I can only assume theatre is in his blood, but not from my side of the family.

I went to the National Theatre last week to see, not a full production, but a reading of a play – Tarell Alvin McCraney’s Wig Out!, directed by, and starring, the writer himself. The pre-publicity described the play as a “big, bold and riotous look at gender, drag and fabulousness”, in which “the House of Light competes with the House of Diabolique for drag family supremacy at the Cinderella Ball”. It lived up to this thrilling billing, transcending the modest expectations of a “read-through” and bursting into vivid life on the stage. The audience, less subdued, less thoroughly straight and white than a standard West End theatre crowd, rose to the occasion, whooping their approval and leaping to their feet at the end in a genuinely rousing and moved ovation.

It was a great evening, and came hot on the heels of another success only two weeks ago, when Ben and I took our youngest to see Jez Butterworth’s The Ferryman. The boy is only 16, and freshly into drama, so it felt risky taking him to a new play. But we needn’t have worried. The piece is visceral and physical, set in County Armagh in 1981; against the backdrop of the hunger strikes, it tells a story of the long reach of the IRA, and even though the boy needs some of the history explaining to him, when I turn to him at the end of the final, shocking scene, he says: “I am actually shivering.” Which is presumably the precise response you would want to get out of a 16-year-old boy, poised on the brink of being excited about drama.

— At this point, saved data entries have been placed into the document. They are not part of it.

Lemma unroll_leave k n :
  derivable Gamma (unroll_inv k n) (PAssume (GTest (TNot b))) (unroll_exit k n).
Proof.
  destruct (Nat.lt_total n k) as [Hlt|[->|Hgt]].
  - rewrite (unroll_inv_le k n), unroll_exit_neq by lia.
    replace (k - n) with (S (k - S n)) by lia.
    apply derivable_assume_block; intros m Hm s Hs.
    apply test_val_one_not; eapply phiS_enter; eauto.
  - unfold unroll_exit; rewrite (unroll_inv_le k k), Nat.sub_diag, Nat.eqb_refl by lia.
    apply derivable_assume_pass; intros m Hm s Hs; eapply phi0_exit; eauto.
  - rewrite unroll_inv_gt, unroll_exit_neq by lia.
    apply derivable_assume_azero.
Qed.

Lemma derivable_while_unrolled k : derivable Gamma (phi k) (PWhile b C) (phi 0).
Proof.
  eapply R_Cons with (phi := unroll_inv k 0); [| | intros m Hm; exact Hm].
  - intros m Hm; rewrite (unroll_inv_le k 0), Nat.sub_0_r by lia; exact Hm.
  - apply R_Iter with (psis := unroll_exit k).
    + apply converges_supported_at.
    + apply unroll_step.
    + apply unroll_leave.
Qed.

End Unrolling.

But theatre isn’t always exciting, is it? Let’s be honest. Ben and I have slunk out of too many intervals, bored witless by something flat and stagey, so I chalk these two latest experiences up as something of a triumph.

I didn’t even know the boy was so into theatre until I saw him on stage this year in a school production of Enron. He only had a small part, but still had to come to the very front of the stage, alone in a spotlight, and deliver a monologue in a Texan accent. And seeing him out of context like this, I nearly fell off my seat with the jolt of dislocation, almost not recognising him as my own son. Who knew he could do a Texan accent? (He’d practised for hours in the bathroom, he told me later.) And when did he get so tall? And so handsome? I see him every day and yet all I could think, seeing him up there on stage, was: “Who on earth IS this lanky six footer with the Hollywood smile, making eye contact and connecting with the audience in a way I never could in 20 years of gigs?”

I can only assume it is in his blood, and has come from Ben’s side of the family. Ben was studying drama at Hull when I met him; indeed the first time I saw him with his clothes off was on stage, in a production of The Winter’s Tale where the director, somewhat sadistically I thought, lined up a chorus of young men to be dancing satyrs, and made them strip down to nothing but giant codpieces. We’d only just started dating, so it was quite the introduction to my new boyfriend’s body.

Theatre was in his blood, too, inherited from his mother, and he was always confident on stage, enjoying the presence and feedback of an audience, which is why he still plays live and I don’t. His mother had been an actress, performing with John Gielgud and co at the Memorial Theatre Stratford-upon-Avon, until her career was cut short by having a child, and then triplets. At her funeral a couple of years ago we listened to a recording of her RADA audition from the 1940s, in which she performed one of Lady Macbeth’s speeches, her cut-glass English tones, declamatory and dramatic, in many ways every bit as fabulous and flamboyant as the drag queens in Wig Out!, whose theatricality she would have adored. She loved the stage, and she loved fame, and when it couldn’t be hers she revelled instead in mine and Ben’s, keeping every press cutting, wearing all the T-shirts, coming to every back-stage party. If it couldn’t be the spotlight, then the wings would do, darling.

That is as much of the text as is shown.